[Stored data]
-=-=-=-=-

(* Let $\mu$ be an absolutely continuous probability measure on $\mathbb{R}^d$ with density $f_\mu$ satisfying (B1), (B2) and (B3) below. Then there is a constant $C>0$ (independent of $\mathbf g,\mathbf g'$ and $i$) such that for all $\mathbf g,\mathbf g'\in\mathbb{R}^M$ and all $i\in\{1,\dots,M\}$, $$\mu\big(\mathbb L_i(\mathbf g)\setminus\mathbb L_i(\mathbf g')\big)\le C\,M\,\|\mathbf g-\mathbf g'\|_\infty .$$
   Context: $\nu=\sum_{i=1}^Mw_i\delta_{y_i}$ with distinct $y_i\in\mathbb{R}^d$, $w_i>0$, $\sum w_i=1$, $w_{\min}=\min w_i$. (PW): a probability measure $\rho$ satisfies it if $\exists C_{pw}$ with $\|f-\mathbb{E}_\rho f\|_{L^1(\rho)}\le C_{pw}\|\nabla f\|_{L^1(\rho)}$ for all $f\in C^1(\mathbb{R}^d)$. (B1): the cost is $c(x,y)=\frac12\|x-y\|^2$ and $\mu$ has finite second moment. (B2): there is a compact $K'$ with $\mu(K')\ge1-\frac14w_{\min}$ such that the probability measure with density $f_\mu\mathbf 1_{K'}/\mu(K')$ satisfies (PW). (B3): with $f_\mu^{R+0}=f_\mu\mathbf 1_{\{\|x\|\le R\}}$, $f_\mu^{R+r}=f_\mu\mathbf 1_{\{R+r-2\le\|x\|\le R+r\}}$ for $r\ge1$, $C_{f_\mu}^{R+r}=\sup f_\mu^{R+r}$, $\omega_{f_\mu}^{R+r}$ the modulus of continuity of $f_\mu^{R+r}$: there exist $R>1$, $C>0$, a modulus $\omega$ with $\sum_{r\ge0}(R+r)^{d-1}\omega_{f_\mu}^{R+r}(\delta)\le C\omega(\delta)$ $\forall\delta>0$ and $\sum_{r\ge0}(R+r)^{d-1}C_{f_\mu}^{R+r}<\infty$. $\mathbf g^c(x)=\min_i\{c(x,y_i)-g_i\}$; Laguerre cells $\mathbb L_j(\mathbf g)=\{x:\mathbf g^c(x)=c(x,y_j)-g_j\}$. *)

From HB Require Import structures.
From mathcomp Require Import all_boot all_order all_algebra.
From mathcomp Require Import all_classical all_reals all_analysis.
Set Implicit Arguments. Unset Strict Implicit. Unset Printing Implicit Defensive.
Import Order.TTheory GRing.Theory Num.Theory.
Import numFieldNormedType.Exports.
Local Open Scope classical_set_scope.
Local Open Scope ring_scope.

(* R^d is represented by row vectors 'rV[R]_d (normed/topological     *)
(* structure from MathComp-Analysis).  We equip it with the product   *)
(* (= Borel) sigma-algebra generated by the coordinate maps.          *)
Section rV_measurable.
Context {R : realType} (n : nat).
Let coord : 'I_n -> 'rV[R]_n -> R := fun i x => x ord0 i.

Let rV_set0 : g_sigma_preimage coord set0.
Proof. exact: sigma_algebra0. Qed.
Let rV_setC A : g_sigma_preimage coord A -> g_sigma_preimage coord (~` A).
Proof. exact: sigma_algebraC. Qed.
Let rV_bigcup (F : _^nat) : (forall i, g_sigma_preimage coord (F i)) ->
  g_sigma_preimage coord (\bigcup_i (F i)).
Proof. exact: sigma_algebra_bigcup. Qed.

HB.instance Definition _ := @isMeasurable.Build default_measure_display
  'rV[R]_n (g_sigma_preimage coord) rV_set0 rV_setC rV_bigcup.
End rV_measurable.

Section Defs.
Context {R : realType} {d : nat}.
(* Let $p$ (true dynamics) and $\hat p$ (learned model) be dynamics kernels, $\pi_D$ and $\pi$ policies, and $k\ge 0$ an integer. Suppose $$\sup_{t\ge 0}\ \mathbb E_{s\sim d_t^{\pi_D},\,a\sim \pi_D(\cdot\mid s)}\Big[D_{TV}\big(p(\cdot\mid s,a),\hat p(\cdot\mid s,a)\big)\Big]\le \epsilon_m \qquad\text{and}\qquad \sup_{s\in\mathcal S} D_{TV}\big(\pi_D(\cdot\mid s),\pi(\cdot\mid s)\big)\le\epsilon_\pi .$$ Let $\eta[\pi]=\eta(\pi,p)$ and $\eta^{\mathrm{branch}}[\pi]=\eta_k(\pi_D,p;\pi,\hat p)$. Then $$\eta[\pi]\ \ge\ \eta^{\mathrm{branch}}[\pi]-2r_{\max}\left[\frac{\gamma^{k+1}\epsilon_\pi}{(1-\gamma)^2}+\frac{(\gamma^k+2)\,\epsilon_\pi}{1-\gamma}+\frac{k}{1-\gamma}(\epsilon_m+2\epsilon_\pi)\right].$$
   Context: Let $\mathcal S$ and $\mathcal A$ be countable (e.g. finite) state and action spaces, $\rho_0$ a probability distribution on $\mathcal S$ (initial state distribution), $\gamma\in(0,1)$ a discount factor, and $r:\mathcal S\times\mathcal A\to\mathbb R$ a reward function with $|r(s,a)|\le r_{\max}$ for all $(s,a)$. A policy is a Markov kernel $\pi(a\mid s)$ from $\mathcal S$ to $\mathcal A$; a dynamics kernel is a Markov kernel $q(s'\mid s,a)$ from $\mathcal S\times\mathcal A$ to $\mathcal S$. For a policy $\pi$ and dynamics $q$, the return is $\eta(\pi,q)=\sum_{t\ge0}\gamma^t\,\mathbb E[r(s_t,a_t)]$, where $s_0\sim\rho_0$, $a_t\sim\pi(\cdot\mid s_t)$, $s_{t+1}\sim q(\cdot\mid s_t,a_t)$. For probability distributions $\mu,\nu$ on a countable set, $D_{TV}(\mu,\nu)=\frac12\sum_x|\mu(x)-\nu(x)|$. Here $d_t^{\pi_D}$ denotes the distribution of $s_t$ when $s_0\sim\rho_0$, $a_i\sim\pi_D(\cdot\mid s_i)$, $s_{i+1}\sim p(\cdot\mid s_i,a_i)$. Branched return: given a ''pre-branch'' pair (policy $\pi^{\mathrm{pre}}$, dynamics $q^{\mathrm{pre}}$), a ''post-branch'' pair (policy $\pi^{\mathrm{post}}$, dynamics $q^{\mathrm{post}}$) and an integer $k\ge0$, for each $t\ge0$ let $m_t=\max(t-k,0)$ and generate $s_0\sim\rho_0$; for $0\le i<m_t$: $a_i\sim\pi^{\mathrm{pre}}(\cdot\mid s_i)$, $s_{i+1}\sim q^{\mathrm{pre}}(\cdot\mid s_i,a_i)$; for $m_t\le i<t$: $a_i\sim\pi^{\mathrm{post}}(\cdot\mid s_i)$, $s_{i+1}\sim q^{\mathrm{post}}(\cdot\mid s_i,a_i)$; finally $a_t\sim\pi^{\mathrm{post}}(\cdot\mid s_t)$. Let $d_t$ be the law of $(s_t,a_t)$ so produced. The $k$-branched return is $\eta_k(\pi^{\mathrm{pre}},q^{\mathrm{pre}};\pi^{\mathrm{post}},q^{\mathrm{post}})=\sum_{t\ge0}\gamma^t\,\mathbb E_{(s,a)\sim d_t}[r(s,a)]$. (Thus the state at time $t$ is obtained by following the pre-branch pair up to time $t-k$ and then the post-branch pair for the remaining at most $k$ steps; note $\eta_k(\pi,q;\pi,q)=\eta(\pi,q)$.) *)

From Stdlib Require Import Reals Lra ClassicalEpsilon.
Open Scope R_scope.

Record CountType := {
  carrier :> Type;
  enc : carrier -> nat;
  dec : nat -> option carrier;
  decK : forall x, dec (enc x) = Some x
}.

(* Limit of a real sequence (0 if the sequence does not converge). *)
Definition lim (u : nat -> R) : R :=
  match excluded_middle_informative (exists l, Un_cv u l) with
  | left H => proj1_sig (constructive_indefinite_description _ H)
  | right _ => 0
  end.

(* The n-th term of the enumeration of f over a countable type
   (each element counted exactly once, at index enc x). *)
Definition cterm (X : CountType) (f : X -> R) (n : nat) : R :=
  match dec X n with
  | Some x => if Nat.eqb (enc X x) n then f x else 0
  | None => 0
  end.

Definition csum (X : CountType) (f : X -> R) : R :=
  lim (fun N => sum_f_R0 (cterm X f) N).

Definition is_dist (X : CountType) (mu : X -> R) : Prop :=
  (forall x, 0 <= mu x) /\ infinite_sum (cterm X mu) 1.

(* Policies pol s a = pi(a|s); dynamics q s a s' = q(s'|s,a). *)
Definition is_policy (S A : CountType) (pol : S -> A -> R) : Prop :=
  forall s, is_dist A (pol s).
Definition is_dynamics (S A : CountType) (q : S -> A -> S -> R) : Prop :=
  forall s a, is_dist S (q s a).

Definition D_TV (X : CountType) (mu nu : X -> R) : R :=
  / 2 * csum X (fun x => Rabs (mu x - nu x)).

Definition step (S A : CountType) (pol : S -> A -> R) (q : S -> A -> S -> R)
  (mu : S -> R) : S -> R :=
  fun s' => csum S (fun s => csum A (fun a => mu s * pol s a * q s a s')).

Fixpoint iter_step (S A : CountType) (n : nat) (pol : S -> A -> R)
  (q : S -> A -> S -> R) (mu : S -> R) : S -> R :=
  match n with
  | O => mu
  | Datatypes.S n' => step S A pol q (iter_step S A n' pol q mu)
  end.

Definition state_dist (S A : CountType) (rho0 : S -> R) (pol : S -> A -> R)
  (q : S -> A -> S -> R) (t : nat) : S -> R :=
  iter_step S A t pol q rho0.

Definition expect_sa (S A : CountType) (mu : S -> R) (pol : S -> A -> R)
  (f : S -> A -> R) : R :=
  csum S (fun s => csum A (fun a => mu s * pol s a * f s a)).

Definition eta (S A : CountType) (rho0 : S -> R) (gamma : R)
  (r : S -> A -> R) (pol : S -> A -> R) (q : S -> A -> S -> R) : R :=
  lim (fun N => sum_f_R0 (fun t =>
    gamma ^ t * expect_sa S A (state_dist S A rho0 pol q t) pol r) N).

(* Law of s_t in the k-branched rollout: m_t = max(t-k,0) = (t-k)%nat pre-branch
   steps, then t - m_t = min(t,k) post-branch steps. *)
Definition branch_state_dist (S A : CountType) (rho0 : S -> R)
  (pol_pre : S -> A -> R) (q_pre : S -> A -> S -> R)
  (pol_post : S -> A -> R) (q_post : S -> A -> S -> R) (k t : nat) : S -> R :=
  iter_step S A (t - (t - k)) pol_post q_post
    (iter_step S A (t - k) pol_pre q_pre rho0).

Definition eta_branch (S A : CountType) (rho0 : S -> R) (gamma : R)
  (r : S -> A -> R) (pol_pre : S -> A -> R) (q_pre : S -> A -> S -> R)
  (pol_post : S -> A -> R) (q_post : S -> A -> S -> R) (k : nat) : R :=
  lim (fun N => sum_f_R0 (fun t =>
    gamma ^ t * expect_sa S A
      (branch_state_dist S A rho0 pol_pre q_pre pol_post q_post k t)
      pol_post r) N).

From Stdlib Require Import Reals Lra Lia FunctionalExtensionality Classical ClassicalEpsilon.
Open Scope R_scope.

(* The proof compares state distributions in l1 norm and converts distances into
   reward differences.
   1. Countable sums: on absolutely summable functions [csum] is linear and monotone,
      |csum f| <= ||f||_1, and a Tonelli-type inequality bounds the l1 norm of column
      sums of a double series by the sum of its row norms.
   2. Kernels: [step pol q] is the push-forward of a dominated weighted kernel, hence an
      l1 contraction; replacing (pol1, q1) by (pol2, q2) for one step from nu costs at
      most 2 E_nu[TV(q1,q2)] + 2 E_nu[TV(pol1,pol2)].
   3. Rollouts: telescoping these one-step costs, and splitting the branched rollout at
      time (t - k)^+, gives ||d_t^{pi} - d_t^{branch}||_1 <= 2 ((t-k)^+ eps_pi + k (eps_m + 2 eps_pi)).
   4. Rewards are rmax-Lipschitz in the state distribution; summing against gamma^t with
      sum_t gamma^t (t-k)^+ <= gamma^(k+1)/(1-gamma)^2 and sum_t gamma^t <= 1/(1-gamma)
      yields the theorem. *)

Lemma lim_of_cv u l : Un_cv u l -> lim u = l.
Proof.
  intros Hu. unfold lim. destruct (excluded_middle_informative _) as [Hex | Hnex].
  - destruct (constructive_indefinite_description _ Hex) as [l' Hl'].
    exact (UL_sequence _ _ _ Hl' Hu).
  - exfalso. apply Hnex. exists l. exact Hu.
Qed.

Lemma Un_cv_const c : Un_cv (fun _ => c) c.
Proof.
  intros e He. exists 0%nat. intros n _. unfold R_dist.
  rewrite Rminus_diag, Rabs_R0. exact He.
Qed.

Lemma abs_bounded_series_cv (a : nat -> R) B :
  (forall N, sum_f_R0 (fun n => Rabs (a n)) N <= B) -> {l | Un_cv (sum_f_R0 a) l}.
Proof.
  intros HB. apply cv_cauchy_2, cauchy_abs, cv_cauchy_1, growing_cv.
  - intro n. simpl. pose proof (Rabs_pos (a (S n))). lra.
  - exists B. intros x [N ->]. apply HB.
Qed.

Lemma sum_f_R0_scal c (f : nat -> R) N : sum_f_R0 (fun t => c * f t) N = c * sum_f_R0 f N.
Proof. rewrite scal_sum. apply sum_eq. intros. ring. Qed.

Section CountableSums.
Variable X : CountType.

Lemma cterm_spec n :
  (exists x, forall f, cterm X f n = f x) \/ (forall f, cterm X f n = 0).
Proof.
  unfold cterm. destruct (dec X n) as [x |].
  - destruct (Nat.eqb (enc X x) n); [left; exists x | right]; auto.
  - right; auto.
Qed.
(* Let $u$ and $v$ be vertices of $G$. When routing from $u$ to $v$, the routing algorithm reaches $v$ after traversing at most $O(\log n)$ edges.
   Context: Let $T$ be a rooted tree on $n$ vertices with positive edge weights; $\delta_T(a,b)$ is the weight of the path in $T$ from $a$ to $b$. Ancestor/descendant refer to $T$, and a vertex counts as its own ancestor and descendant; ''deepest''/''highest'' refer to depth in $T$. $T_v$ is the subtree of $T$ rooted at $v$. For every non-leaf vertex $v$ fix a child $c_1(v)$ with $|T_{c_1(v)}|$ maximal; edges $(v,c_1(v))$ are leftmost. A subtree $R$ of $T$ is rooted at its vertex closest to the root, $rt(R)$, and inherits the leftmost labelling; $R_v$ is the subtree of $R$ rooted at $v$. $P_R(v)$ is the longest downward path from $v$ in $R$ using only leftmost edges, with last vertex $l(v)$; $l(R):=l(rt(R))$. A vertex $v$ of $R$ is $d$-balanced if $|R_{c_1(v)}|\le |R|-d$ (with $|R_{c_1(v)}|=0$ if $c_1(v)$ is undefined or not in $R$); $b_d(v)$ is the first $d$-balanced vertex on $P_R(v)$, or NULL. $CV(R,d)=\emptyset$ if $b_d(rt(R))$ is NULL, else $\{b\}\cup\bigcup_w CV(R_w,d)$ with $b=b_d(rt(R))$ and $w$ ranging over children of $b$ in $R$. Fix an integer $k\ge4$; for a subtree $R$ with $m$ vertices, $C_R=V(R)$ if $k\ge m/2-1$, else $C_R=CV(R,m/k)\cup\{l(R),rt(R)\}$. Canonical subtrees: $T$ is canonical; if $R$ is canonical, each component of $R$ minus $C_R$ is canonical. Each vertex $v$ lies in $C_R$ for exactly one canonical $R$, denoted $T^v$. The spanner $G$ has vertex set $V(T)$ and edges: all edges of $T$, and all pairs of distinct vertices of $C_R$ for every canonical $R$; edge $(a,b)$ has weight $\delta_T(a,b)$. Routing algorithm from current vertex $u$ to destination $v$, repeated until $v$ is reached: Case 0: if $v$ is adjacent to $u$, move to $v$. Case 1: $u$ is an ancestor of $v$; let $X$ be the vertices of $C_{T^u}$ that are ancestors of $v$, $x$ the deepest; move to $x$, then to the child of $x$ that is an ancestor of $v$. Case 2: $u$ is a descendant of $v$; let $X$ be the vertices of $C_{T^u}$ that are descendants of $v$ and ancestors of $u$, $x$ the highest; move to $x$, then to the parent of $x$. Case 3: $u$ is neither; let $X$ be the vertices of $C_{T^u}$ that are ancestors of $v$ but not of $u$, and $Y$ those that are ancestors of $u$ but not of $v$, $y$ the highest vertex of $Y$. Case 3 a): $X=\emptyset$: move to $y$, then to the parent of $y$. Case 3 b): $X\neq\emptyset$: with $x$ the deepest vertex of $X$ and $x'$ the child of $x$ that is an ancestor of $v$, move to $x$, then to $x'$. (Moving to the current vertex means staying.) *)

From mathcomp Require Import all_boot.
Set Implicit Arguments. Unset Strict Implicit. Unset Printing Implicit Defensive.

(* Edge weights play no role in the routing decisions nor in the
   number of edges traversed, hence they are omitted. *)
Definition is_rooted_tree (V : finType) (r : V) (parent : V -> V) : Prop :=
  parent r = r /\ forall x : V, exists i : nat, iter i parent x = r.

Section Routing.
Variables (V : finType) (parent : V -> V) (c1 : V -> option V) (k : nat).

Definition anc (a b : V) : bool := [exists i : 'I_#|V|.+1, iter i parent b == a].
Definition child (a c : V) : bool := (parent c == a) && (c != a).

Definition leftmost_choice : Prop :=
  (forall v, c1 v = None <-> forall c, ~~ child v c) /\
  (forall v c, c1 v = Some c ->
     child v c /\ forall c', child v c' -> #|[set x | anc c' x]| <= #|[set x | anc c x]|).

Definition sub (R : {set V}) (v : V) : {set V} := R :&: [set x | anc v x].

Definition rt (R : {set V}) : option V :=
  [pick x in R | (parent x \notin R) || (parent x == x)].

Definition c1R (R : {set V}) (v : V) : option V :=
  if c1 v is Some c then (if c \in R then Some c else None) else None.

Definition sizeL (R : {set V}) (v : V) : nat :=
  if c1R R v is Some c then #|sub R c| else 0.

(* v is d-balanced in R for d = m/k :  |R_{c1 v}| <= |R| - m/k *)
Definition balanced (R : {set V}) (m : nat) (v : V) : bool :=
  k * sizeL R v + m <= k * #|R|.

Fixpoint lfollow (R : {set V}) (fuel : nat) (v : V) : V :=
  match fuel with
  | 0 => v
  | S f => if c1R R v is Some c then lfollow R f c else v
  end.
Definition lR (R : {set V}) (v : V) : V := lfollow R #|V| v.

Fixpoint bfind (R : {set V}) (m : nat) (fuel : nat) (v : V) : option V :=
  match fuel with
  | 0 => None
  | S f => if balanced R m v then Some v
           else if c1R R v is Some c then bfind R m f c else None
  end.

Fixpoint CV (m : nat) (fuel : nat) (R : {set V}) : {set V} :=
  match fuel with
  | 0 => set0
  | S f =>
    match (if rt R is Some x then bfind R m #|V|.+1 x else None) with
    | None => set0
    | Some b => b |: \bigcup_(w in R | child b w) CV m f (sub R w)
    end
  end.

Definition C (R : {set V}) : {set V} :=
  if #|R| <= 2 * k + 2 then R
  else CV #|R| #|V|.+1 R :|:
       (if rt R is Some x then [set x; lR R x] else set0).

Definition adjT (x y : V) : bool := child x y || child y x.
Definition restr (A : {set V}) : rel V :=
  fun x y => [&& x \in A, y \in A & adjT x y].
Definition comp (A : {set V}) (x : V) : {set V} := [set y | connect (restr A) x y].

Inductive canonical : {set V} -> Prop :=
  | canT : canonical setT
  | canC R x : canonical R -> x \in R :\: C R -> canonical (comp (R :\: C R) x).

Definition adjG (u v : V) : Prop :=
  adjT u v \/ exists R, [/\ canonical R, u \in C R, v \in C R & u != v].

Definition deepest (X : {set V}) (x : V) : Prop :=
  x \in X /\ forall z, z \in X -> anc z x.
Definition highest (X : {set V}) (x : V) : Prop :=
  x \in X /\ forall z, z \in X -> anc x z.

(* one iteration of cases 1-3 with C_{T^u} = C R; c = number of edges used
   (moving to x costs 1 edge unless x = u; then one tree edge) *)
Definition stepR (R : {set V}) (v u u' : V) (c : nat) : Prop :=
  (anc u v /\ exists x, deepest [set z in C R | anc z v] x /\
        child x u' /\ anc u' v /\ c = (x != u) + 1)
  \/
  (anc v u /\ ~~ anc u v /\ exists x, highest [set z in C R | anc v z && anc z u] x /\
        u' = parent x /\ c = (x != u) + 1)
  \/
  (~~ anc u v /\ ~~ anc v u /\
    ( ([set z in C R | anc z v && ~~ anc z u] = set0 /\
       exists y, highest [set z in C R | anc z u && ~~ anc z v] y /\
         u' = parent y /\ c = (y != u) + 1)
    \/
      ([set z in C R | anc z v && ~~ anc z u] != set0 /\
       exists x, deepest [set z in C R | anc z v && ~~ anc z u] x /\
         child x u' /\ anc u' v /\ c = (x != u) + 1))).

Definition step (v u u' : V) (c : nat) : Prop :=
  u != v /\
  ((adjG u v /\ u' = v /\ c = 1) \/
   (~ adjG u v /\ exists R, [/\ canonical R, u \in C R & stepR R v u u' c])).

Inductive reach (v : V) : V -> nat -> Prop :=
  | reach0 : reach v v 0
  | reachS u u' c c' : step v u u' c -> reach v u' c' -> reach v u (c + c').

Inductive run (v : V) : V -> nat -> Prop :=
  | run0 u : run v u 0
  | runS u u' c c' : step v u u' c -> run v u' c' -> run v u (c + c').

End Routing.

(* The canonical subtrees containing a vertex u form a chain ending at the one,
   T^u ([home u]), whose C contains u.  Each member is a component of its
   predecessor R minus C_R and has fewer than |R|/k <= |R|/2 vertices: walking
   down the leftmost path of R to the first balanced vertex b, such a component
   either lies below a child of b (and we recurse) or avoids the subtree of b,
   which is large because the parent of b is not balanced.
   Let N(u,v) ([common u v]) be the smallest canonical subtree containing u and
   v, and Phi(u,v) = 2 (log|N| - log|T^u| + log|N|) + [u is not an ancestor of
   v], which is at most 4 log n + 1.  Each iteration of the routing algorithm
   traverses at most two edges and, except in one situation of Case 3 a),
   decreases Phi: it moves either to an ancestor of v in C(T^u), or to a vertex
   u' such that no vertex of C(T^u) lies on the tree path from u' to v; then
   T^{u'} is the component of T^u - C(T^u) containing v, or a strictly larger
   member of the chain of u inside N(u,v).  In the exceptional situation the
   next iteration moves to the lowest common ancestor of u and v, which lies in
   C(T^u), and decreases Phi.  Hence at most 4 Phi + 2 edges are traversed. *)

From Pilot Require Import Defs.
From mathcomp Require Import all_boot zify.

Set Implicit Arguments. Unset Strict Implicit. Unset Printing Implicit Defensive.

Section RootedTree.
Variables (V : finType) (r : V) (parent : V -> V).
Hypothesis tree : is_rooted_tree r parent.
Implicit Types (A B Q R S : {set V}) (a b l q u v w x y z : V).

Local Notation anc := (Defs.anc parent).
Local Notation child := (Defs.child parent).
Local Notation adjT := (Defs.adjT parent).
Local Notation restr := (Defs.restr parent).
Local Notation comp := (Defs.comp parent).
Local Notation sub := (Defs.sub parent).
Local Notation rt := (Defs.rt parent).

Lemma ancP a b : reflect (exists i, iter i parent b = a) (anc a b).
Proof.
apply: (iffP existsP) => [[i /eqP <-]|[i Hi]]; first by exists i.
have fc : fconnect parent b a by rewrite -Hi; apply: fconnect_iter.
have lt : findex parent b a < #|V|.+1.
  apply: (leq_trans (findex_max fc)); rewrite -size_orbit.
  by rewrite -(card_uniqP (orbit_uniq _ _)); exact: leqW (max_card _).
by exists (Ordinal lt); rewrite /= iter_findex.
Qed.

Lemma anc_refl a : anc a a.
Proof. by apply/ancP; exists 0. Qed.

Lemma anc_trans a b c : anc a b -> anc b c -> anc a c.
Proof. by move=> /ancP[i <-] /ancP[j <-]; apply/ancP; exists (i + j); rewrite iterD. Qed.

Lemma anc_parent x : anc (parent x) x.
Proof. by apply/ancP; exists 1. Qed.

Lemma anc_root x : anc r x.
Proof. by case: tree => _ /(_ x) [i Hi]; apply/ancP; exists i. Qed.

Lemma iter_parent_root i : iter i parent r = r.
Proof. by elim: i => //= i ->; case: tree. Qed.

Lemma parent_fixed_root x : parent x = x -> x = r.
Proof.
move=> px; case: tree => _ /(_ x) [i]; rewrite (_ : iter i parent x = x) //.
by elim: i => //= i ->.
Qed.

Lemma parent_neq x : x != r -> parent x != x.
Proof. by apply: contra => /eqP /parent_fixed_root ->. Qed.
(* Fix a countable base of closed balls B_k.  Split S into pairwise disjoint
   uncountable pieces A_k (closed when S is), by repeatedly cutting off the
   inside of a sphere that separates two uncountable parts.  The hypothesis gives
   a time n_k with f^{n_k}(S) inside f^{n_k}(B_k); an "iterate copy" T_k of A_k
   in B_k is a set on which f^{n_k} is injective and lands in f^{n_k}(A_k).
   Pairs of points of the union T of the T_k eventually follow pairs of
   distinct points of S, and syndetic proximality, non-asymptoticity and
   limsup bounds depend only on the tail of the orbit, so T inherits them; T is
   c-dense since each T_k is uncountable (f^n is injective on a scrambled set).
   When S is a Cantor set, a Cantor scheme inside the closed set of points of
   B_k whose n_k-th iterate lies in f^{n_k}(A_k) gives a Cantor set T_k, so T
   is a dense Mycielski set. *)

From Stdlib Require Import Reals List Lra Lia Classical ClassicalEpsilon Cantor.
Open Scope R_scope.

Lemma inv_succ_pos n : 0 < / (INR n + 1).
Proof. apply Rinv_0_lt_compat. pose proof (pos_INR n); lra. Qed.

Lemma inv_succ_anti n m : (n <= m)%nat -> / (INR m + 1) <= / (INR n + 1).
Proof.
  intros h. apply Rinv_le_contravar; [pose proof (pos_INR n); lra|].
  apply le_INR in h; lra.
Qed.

-=-=-=-=-

▶ About this task
Look back at the data above. Transcribe exactly the lines starting at the line that contains "child v c /\" and ending at the line that contains "Definition highest (X".

▶ Written solution
     child v c /\ forall c', child v c' -> #|[set x | anc c' x]| <= #|[set x | anc c x]|).

Definition sub (R : {set V}) (v : V) : {set V} := R :&: [set x | anc v x].

Definition rt (R : {set V}) : option V :=
  [pick x in R | (parent x \notin R) || (parent x == x)].

Definition c1R (R : {set V}) (v : V) : option V :=
  if c1 v is Some c then (if c \in R then Some c else None) else None.

Definition sizeL (R : {set V}) (v : V) : nat :=
  if c1R R v is Some c then #|sub R c| else 0.

(* v is d-balanced in R for d = m/k :  |R_{c1 v}| <= |R| - m/k *)
Definition balanced (R : {set V}) (m : nat) (v : V) : bool :=
  k * sizeL R v + m <= k * #|R|.

Fixpoint lfollow (R : {set V}) (fuel : nat) (v : V) : V :=
  match fuel with
  | 0 => v
  | S f => if c1R R v is Some c then lfollow R f c else v
  end.
Definition lR (R : {set V}) (v : V) : V := lfollow R #|V| v.

Fixpoint bfind (R : {set V}) (m : nat) (fuel : nat) (v : V) : option V :=
  match fuel with
  | 0 => None
  | S f => if balanced R m v then Some v
           else if c1R R v is Some c then bfind R m f c else None
  end.

Fixpoint CV (m : nat) (fuel : nat) (R : {set V}) : {set V} :=
  match fuel with
  | 0 => set0
  | S f =>
    match (if rt R is Some x then bfind R m #|V|.+1 x else None) with
    | None => set0
    | Some b => b |: \bigcup_(w in R | child b w) CV m f (sub R w)
    end
  end.

Definition C (R : {set V}) : {set V} :=
  if #|R| <= 2 * k + 2 then R
  else CV #|R| #|V|.+1 R :|:
       (if rt R is Some x then [set x; lR R x] else set0).

Definition adjT (x y : V) : bool := child x y || child y x.
Definition restr (A : {set V}) : rel V :=
  fun x y => [&& x \in A, y \in A & adjT x y].
Definition comp (A : {set V}) (x : V) : {set V} := [set y | connect (restr A) x y].

Inductive canonical : {set V} -> Prop :=
  | canT : canonical setT
  | canC R x : canonical R -> x \in R :\: C R -> canonical (comp (R :\: C R) x).

Definition adjG (u v : V) : Prop :=
  adjT u v \/ exists R, [/\ canonical R, u \in C R, v \in C R & u != v].

Definition deepest (X : {set V}) (x : V) : Prop :=
  x \in X /\ forall z, z \in X -> anc z x.
Definition highest (X : {set V}) (x : V) : Prop :=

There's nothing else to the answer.